Workflow

The workflow of all steps is summarised below:

load the singularity container

Singularity allows to use containers (from i.e Docker) on High-Performance Computer. For more details see the lecture by Valentin Plugaru

Shortly, we built a container with all the necessary tools and softwares embeded. Hence, you just need to book the HPC resources and load the container to start working on your chip-seq sequences.

Tweak for the picard

we need to tweak this location only once.

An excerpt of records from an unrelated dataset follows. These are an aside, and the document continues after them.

Lemma double_v : Ncomb (@PM 'I_20) (vscale 2 v).
Proof.
pose chi t s := chiEc (matching t s) (cp t).
pose F t := vadd (chi t false) (chi t true).
have PM_chi t s : Ncomb (@PM 'I_20) (chi t s).
  by apply: Ncomb_single; exists (cp t), (matching t s); split=> //; apply: matching_pm.
suff -> : vscale 2 v = vsum (map F (index_enum 'I_3)).
  by apply: Ncomb_vsum => t; apply: Ncomb_add.
have [vs1 vs2] := vsumE (map F (index_enum 'I_3)).
have [scale1 scale2] := vscaleE 2 v.
apply: vecP => [e|c]; rewrite ?vs1 ?vs2 ?scale1 ?scale2 ?v1E ?v2E big_map /=.
  under eq_bigr do rewrite !ffunE.
  case: (boolP (e \in E)) => [/imsetP [n _ ->]|e_out]; last first.
    have notin t s : e \notin matching t s.
      by apply: contra e_out; apply/subsetP/imsetS/subsetP => m; rewrite inE.
    by rewrite big1 // => t _; rewrite !(negbTE (notin _ _)).
  under eq_bigr do rewrite !mem_matching.
  rewrite -(sum_iota_ord 3 xpredT (fun t => in_matching t false n + in_matching t true n)).
  apply/esym/eqP; have := all_iota_ord cover_check n.
  by rewrite sumnE big_map muln1.
under eq_bigr do rewrite !ffunE.
by rewrite big_split /= sum_cp mul2n addnn.
Qed.

Lemma Nbar_v : Nbar (@PM 'I_20) v.
Proof. by exists 2; split=> //; apply: double_v. Qed.

Lemma not_PM_v : ~ PM v.
Proof.
case=> c [q [_ v_eq]]; have := v2_cp ord0; have := v2_cp ord_max.
rewrite v_eq /= !ffunE; case: eqP => [<-|] //; case: eqP => // /cp_inj.
by move/(congr1 val).
Qed.

Lemma table_of_summand (a : vec 'I_20) :
  Nbar (@PM 'I_20) a -> (forall e, a.1 e <= v.1 e) -> (forall c, a.2 c <= v.2 c) ->
  exists k (Y : 'I_3 -> 'I_30 -> nat), [/\ 0 < k,
    forall n, \sum_t Y t n = k * a.1 (mk n),
    forall t (x : 'I_20), \sum_(n | x \in ends n) Y t n = k * a.2 (cp t) &
    forall (t : 'I_3) (n : 'I_30), ~~ cross t n -> Y t n = 0].
Proof.
move=> /Nbar_PM_splits [k [Y [k0 splitY]]] a1_le a2_le.
have [sumY degY crossY] := splitY; have [scale1 scale2] := vscaleE k a.
have off_C3 c : c \notin C3 -> forall e, Y c e = 0.
  move=> c_out; apply: (splits_deg0 splitY).
  by move: (a2_le c); rewrite scale2 v2E (negbTE c_out) leqn0 => /eqP ->; rewrite muln0.
have off_E e : e \notin E -> forall c, Y c e = 0.
  move=> e_out c; have : \sum_c' Y c' e == 0.
    by move: (a1_le e); rewrite sumY scale1 v1E (negbTE e_out) leqn0 => /eqP ->; rewrite muln0.
  by rewrite sum_nat_eq0 => /forallP /(_ c) /eqP.
exists k, (fun t n => Y (cp t) (mk n)); split=> //.
- move=> n; rewrite -scale1 -sumY (sum_label cp_inj xpredT) //.
  by move=> c c_out; apply: off_C3.
- move=> t x; rewrite -scale2 -(degY (cp t) x) (sum_label mk_inj (fun e => x \in val e)) //.
  by move=> e /off_E.
- by move=> t n not_cross; apply: crossY; rewrite crosses_cp.
Qed.

(* If g i only takes the values 0 and K, then g i / K
   is a perfect matching M of B_{c_i} inside E, and the remaining two rows must
   split E \ M, a union of even cycles, along c_j and c_k; on each cycle the
   values alternate, and the edges not crossing c_j or c_k force a conflict. *)
Lemma no_integral_table (K : nat) (g : 'I_3 -> 'I_30 -> nat) (i : 'I_3) :
  0 < K ->
  (forall n, \sum_t g t n = K) ->
  (forall t (x : 'I_20), \sum_(n | x \in ends n) g t n = K) ->
  (forall (t : 'I_3) (n : 'I_30), ~~ cross t n -> g t n = 0) ->
  ~ (forall n, g i n = 0 \/ g i n = K).
Proof.
move=> K0 sum_edge sum_vertex g_cross g_i.
pose G (p : nat * nat) := g (inord p.1) (inord p.2).
have ref := all_iota_ord refute_check i.
apply: (refute_sound (g := G) K0 _ _ _ ref).
- move=> cs; rewrite mem_cat => /orP[/mapP [n n30 ->] | /allpairsP [[t x] [t3 x20 ->]]].
    rewrite big_map (sum_iota_ord 3 xpredT (fun t => G (t, n))) -(sum_edge (inord n)).
    by apply: eq_bigr => t _; rewrite /G inord_val.
  rewrite !mem_iota !add0n in t3 x20; rewrite big_map big_filter sum_iota_ord.
  rewrite -(sum_vertex (inord t) (inord x)); apply: eq_big => [n|n _].
    by rewrite mem_ends inordK.
  by rewrite /G inord_val.
- move=> p /mapP [n n30 ->].
  by rewrite /G inord_val; apply: g_i.
- rewrite /consistent /initial_facts; apply/allP => _ /allpairsPdep [t [n [t3 n_in ->]]].
  rewrite mem_filter mem_iota add0n in n_in; rewrite mem_iota add0n in t3.
  case/andP: n_in => not_cross n30.
  by rewrite /G g_cross; last by rewrite !inordK.
Qed.

Lemma table_row_zero (Y : 'I_3 -> 'I_30 -> nat) t :
  (forall x : 'I_20, \sum_(n | x \in ends n) Y t n = 0) -> forall n, Y t n = 0.
Proof.
move=> deg0 n; apply/eqP; rewrite -leqn0 -(deg0 (inord (tl n))).
by rewrite (bigD1 n) ?leq_addr // /ends set21.
Qed.

(* v does not split into a summand carrying exactly one partition c_i and a
   summand carrying the other two: combining their tables would give a table
   that is integral on row i. *)
Lemma no_single_partition_summand (a b : vec 'I_20) (i : 'I_3) :
  Nbar (@PM 'I_20) a -> Nbar (@PM 'I_20) b -> v = vadd a b ->
  (forall t, a.2 (cp t) = (t == i)) -> False.
Proof.
move=> Na Nb v_ab a_i.
have v1_ab e : v.1 e = a.1 e + b.1 e by rewrite v_ab /= ffunE.
have v2_ab c : v.2 c = a.2 c + b.2 c by rewrite v_ab /= ffunE.
have a1_le e : a.1 e <= v.1 e by rewrite v1_ab leq_addr.
have a2_le c : a.2 c <= v.2 c by rewrite v2_ab leq_addr.
have b1_le e : b.1 e <= v.1 e by rewrite v1_ab leq_addl.
have b2_le c : b.2 c <= v.2 c by rewrite v2_ab leq_addl.
have [ka [Ya [ka0 Ya_edge Ya_vert Ya_cross]]] := table_of_summand Na a1_le a2_le.
have [kb [Yb [kb0 Yb_edge Yb_vert Yb_cross]]] := table_of_summand Nb b1_le b2_le.
have b_i t : b.2 (cp t) = (t != i).
  by have := v2_ab (cp t); rewrite v2_cp a_i; case: (t == i) => /=; lia.
have Ya0 t : t != i -> forall n, Ya t n = 0.
  by move=> ti; apply: table_row_zero => x; rewrite Ya_vert a_i (negbTE ti) muln0.
have Yb0 n : Yb i n = 0 by apply: table_row_zero => x; rewrite Yb_vert b_i eqxx muln0.
apply: (@no_integral_table (ka * kb) (fun t n => kb * Ya t n + ka * Yb t n) i).
- by rewrite muln_gt0 ka0.
- move=> n; rewrite big_split -!big_distrr /= Ya_edge Yb_edge.
  by rewrite mulnCA -!mulnDr -(v1_ab (mk n)) v1_mk muln1.
- move=> t x; rewrite big_split -!big_distrr /= Ya_vert Yb_vert.
  by rewrite mulnCA -!mulnDr -(v2_ab (cp t)) v2_cp muln1.
- by move=> t n not_cross; rewrite Ya_cross // Yb_cross // !muln0.
move=> n; rewrite Yb0 muln0 addn0.
have : Ya i n = ka * a.1 (mk n).
  by rewrite -Ya_edge (bigD1 i) //= big1 ?addn0 // => t /Ya0 ->.
have := v1_ab (mk n); rewrite v1_mk; case: (a.1 (mk n)) => [|[|]] // _ ->.
  by left; rewrite !muln0.
by right; rewrite muln1 mulnC.
Qed.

mkdir -p ~/install/jar_root/
cp /scratch/users/aginolhac/picard.jar ~/install/jar_root/

book resources on iris

  • 2 hours
  • 8 cores
  • interactive

srun --cpu-bind=none -p interactive --time=2:0:0 -c 8 --pty bash -i

load the container

  • first we load the tools singularity
  • second we load the container
module load tools/Singularity
singularity shell -s /bin/bash --bind /scratch/users:/scratch/users /scratch/users/aginolhac/ubuntu-chip-seq.simg

then you are inside the container, all the tools should be available.

try running the following and raise your hand if any is command not found

bwa
samtools
macs2
paleomix

prepare your working environment

  • go to your home directory: cd
  • create a new folder to work in: mkdir chip-seq
  • go inside: cd chip-seq
  • create and go in a sub-folder: mkdir fastq
  • go inside: cd fastq
  • symbolic link the FASTQ files: ln -s /scratch/users/aginolhac/chip-seq/fastq/C* .
  • check your actions: ll (alias of ls -l)

check integrity of files

Just as a side note, such large files are usually a pain to download. Since they are the very raw files after the sequencer (despite basecalling) checking their integrity is worth doing. Computing the md5sum ensure you have the same file as your sequence provider. Then paleomix will check the FASTQ are correct, i. e have 4 lines in a correct format.

md5sum -c C53CYACXX_TC1-I-A-D3_14s006682-1-1_Sinkkonen_lane114s006682_sequence.txt.md5

you should observe an OK after few seconds of computing time.